Look through the records below, count the lines with the word "Lemma", and reply with only the number.

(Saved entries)

- - -

(* For any $R>0$ and $\varphi_0>0$ there exists a unique smooth solution $\varphi(r)$ on $[R,\infty)$ of the problem $$\varphi'(r)=(1+\varphi(r)^2)\big(2-\varphi(r)\coth r\big),\qquad \varphi(R)=\varphi_0.$$ Moreover, $\lim_{r\to\infty}\varphi(r)=2$.
   Context: (This ODE is the equation satisfied by $\varphi=f'$ when the rotational graph $z=f(r)$, $r$ being the hyperbolic distance to a fixed point of $\mathbb{H}^2$, is a translating soliton in $\mathbb{H}^2\times\mathbb{R}$, i.e. has mean curvature equal to its angle function.) *)

From Stdlib Require Import Reals.
From Coquelicot Require Import Coquelicot.
Open Scope R_scope.

Definition coth (x : R) : R := cosh x / sinh x.

(* "phi is smooth on [R0, +oo)": phi is C^oo on an open neighbourhood
   (R0 - eps, +oo) of the closed half-line (every iterated derivative exists
   at every point of that open set). *)
Definition smooth_on_half_line (R0 : R) (phi : R -> R) : Prop :=
  exists eps : R, 0 < eps /\
    forall (n : nat) (x : R), R0 - eps < x -> ex_derive_n phi n x.

Definition solves_ivp (R0 phi0 : R) (phi : R -> R) : Prop :=
  phi R0 = phi0 /\
  forall r : R, R0 <= r ->
    is_derive phi r ((1 + (phi r) ^ 2) * (2 - phi r * coth r)).

(* Existence: freezing coth r below R0/2 and clamping the unknown to [0, M] gives a bounded,
   globally Lipschitz equation, which Picard iteration solves on all of R. For r >= R0 the
   solution cannot cross M (there the slope is <= 0) nor 0 (there the slope is 2), and just
   left of R0 it stays near phi0 by its Lipschitz bound; so it solves the true equation on a
   neighbourhood of [R0, oo). Its derivatives are then polynomials in coth r and phi r, which
   gives smoothness. Uniqueness is Gronwall's argument. For the limit: where phi > 2 + e the
   slope is <= -e, and for large r where phi < 2 - e it is >= e/2 (as coth r -> 1), so phi
   eventually enters (2 - e, 2 + e) and never leaves. *)

From Stdlib Require Import Reals Lra Lia Classical.
From Coquelicot Require Import Coquelicot.
Open Scope R_scope.

Lemma lipschitz_continuous (f : R -> R) (k x : R) :
  (forall y, Rabs (f y - f x) <= k * Rabs (y - x)) -> continuous f x.
Proof.
  intros Hf. apply continuity_pt_filterlim. intros eps Heps.
  set (k' := Rmax k 1).
  assert (Hk' : 0 < k') by (unfold k'; pose proof (Rmax_r k 1); lra).
  exists (eps / k'). split; [apply Rdiv_lt_0_compat; lra|].
  intros y [_ Hy]. simpl in Hy. unfold R_dist in *.
  assert (Hyk : Rabs (y - x) * k' < eps).
  { apply (Rmult_lt_compat_r k') in Hy; [|lra].
    replace (eps / k' * k') with eps in Hy by (field; lra). exact Hy. }
  assert (k * Rabs (y - x) <= k' * Rabs (y - x))
    by (apply Rmult_le_compat_r; [apply Rabs_pos|apply Rmax_l]).
  specialize (Hf y). simpl. unfold R_dist. lra.
Qed.

Lemma RInt_abs_le_pow_r (f : R -> R) (c r C : R) (k : nat) :
  c <= r -> ex_RInt f c r ->
  (forall t, c <= t <= r -> Rabs (f t) <= C * (t - c) ^ k) ->
  Rabs (RInt f c r) <= C * (r - c) ^ S k / INR (S k).
Proof.
  intros Hcr Hf Hb.
  assert (HS : 0 < INR (S k)) by (apply lt_0_INR; lia).
  assert (Hpow : is_RInt (fun t => C * (t - c) ^ k) c r (C * (r - c) ^ S k / INR (S k))).
  { replace (C * (r - c) ^ S k / INR (S k))
      with (minus (C * (r - c) ^ S k / INR (S k)) (C * (c - c) ^ S k / INR (S k)))
      by (rewrite Rminus_diag, pow_i, Rmult_0_r, Rdiv_0_l by lia;
          unfold minus, plus, opp; simpl; rewrite Ropp_0, Rplus_0_r; reflexivity).
    apply (is_RInt_derive (fun t => C * (t - c) ^ S k / INR (S k))).
    - intros t _. auto_derive; [easy|].
      change (match k with 0%nat => 1 | S _ => INR k + 1 end) with (INR (S k)).
      rewrite <- Rminus_def. set (p := (t - c) ^ k). field. lra.
    - intros t _. apply (ex_derive_continuous (fun t => C * (t - c) ^ k)). auto_derive. easy. }
  eapply Rle_trans; [apply abs_RInt_le; assumption|].
  rewrite <- (is_RInt_unique _ _ _ _ Hpow).
  apply RInt_le; [assumption| |eexists; eassumption|].
  - apply (ex_RInt_norm f c r Hf).
  - intros t Ht. apply Hb. lra.
Qed.

Lemma RInt_abs_le_pow (f : R -> R) (c r C : R) (k : nat) :
  ex_RInt f c r ->
  (forall t, Rmin c r <= t <= Rmax c r -> Rabs (f t) <= C * Rabs (t - c) ^ k) ->
  Rabs (RInt f c r) <= C * Rabs (r - c) ^ S k / INR (S k).
Proof.
  intros Hf Hb. destruct (Rle_dec c r) as [Hcr|Hrc].
  - rewrite Rmin_left, Rmax_right in Hb by lra. rewrite (Rabs_pos_eq (r - c)) by lra.
    apply RInt_abs_le_pow_r; [easy|easy|]. intros t Ht.
    rewrite <- (Rabs_pos_eq (t - c)) by lra. apply Hb. lra.
  - (* reflect [r, c] onto [c, 2c - r] *)
    rewrite Rmin_right, Rmax_left in Hb by lra. rewrite (Rabs_left (r - c)) by lra.
    assert (Ec : -1 * c + 2 * c = c) by ring.
    assert (Er : -1 * (2 * c - r) + 2 * c = r) by ring.
    pose proof (RInt_comp_lin f (-1) (2 * c) c (2 * c - r)) as Hlin.
    pose proof (ex_RInt_comp_lin f (-1) (2 * c) c (2 * c - r)) as Hex.
    rewrite Ec, Er in Hlin, Hex. rewrite <- (Hlin Hf).
    replace (- (r - c)) with (2 * c - r - c) by ring.
    apply RInt_abs_le_pow_r; [lra|now apply Hex|].
    intros t Ht. change (scal (-1) ?y) with (-1 * y).
    rewrite Rabs_mult, Rabs_m1, Rmult_1_l.
    replace (t - c) with (Rabs (-1 * t + 2 * c - c)) by (rewrite Rabs_left1 by lra; ring).
    apply Hb. lra.
Qed.

Lemma RInt_abs_le_const (f : R -> R) (a b M : R) :
  ex_RInt f a b -> (forall t, Rmin a b <= t <= Rmax a b -> Rabs (f t) <= M) ->
  Rabs (RInt f a b) <= M * Rabs (b - a).
Proof.
  intros Hf Hb.
  replace (M * Rabs (b - a)) with (M * Rabs (b - a) ^ 1 / INR 1) by (simpl; field).
  apply RInt_abs_le_pow; [easy|]. intros t Ht. simpl. rewrite Rmult_1_r. now apply Hb.
Qed.

Lemma le_of_derive_nonpos (f df : R -> R) (a b : R) : a <= b ->
  (forall x, a <= x <= b -> is_derive f x (df x)) ->
  (forall x, a <= x <= b -> df x <= 0) -> f b <= f a.
Proof.
  intros Hab Hd Hn. destruct (Req_dec a b) as [<-|Hne]; [lra|].
  destruct (MVT_cor2 f df a b) as [x [Hx Hmvt]]; [lra| |].
  - intros x Hx. apply is_derive_Reals, Hd. lra.
  - assert (df x <= 0) by (apply Hn; lra). nra.
Qed.

Lemma is_derive_mult_abs (x : R) : is_derive (fun t => t * Rabs t) x (2 * Rabs x).
Proof.
  apply is_derive_Reals. intros eps Heps. exists (mkposreal eps Heps).
  intros h Hh0 Hh. simpl in Hh.
  assert (Hq : Rabs ((x + h) * Rabs (x + h) - x * Rabs x - 2 * Rabs x * h) <= h * h).
  { unfold Rabs at 2 3 4. repeat destruct Rcase_abs; apply Rabs_le; split; nra. }
  replace (((x + h) * Rabs (x + h) - x * Rabs x) / h - 2 * Rabs x) with
    (((x + h) * Rabs (x + h) - x * Rabs x - 2 * Rabs x * h) / h) by (field; auto).
  unfold Rdiv. rewrite Rabs_mult, Rabs_inv.
  assert (Hpos : 0 < Rabs h) by now apply Rabs_pos_lt.
  apply Rle_lt_trans with (h * h * / Rabs h).
  - apply Rmult_le_compat_r; [left; now apply Rinv_0_lt_compat|exact Hq].
  - replace (h * h) with (Rabs h * Rabs h) by (unfold Rabs; destruct Rcase_abs; ring).
    field_simplify; lra.
Qed.

Lemma barrier_le (f df : R -> R) (a b c : R) : a <= b ->
  (forall x, a <= x <= b -> is_derive f x (df x)) -> f a <= c ->
  (forall x, a <= x <= b -> c < f x -> df x <= 0) -> f b <= c.
Proof.
  intros Hab Hd Ha Hn.
  (* q t = t^2 + t|t| is C^1, vanishes for t <= 0 and increases for t >= 0 *)
  set (q := fun t => t * t + t * Rabs t).
  assert (Hq : forall x, a <= x <= b ->
    is_derive (fun x => q (f x - c)) x ((2 * (f x - c) + 2 * Rabs (f x - c)) * df x)).
  { intros x Hx. unfold q.
    assert (Hfc : is_derive (fun x => f x - c) x (df x)).
    { evar_last; [apply (is_derive_minus f (fun _ => c)); [now apply Hd|apply is_derive_const]|].
      unfold minus, plus, opp, zero; simpl; ring. }
    evar_last.
    - apply (is_derive_plus (fun x => (f x - c) * (f x - c))).
      + apply (is_derive_mult (fun x => f x - c) (fun x => f x - c)); [exact Hfc|exact Hfc|].
        intros; apply Rmult_comm.
      + apply (is_derive_comp (fun t => t * Rabs t) (fun x => f x - c));
          [apply is_derive_mult_abs|exact Hfc].
    - unfold plus, scal, mult; simpl. unfold mult; simpl. ring. }
  assert (Hdec : q (f b - c) <= q (f a - c)).
  { apply (le_of_derive_nonpos _ _ a b Hab Hq). intros x Hx.
    destruct (Rle_dec (f x) c).
    - rewrite Rabs_left1 by lra. nra.
    - rewrite Rabs_pos_eq by lra. assert (df x <= 0) by (apply Hn; lra). nra. }
  unfold q in Hdec. rewrite (Rabs_left1 (f a - c)) in Hdec by lra.
  destruct (Rle_dec (f b) c) as [|Hbc]; [easy|].
  rewrite Rabs_pos_eq in Hdec by lra. nra.
Qed.

Lemma eventually_le_of_derive (f df : R -> R) (a c e : R) : 0 < e ->
  (forall x, a <= x -> is_derive f x (df x)) ->
  (forall x, a <= x -> c < f x -> df x <= - e) ->
  exists X, forall x, X <= x -> f x <= c.
Proof.
  intros He Hd Hn.
  assert (Hhit : exists x1, a <= x1 /\ f x1 <= c).
  { set (T := Rmax 0 ((f a - c) / e)).
    assert (HT : 0 <= T /\ f a - c <= e * T).
    { split; [apply Rmax_l|].
      pose proof (Rmult_le_compat_l e _ _ (Rlt_le _ _ He) (Rmax_r 0 ((f a - c) / e))) as HeT.
      replace (e * ((f a - c) / e)) with (f a - c) in HeT by (field; lra). exact HeT. }
    destruct (classic (exists x, a <= x <= a + T /\ f x <= c)) as [[x [Hx Hfx]]|Hnone].
    { exists x. split; [lra|easy]. }
    assert (Habove : forall x, a <= x <= a + T -> c < f x).
    { intros x Hx. apply Rnot_le_lt. intros Hfx. apply Hnone. now exists x. }
    assert (Hslope : f (a + T) + e * (a + T) <= f a + e * a).
    { apply (le_of_derive_nonpos (fun x => f x + e * x) (fun x => df x + e)); [lra| |].
      - intros x Hx. apply (is_derive_plus f (fun x => e * x)); [apply Hd; lra|].
        auto_derive; [easy|ring].
      - intros x Hx. pose proof (Hn x ltac:(lra) (Habove x Hx)). simpl. lra. }
    pose proof (Habove (a + T) ltac:(lra)). lra. }
  destruct Hhit as [x1 [Hx1 Hfx1]]. exists x1. intros x Hx.
  apply (barrier_le f df x1 x c Hx); [intros; apply Hd; lra|easy|].
  intros y Hy Hfy. pose proof (Hn y ltac:(lra) Hfy). lra.
Qed.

- - -

_Completed exercise_
8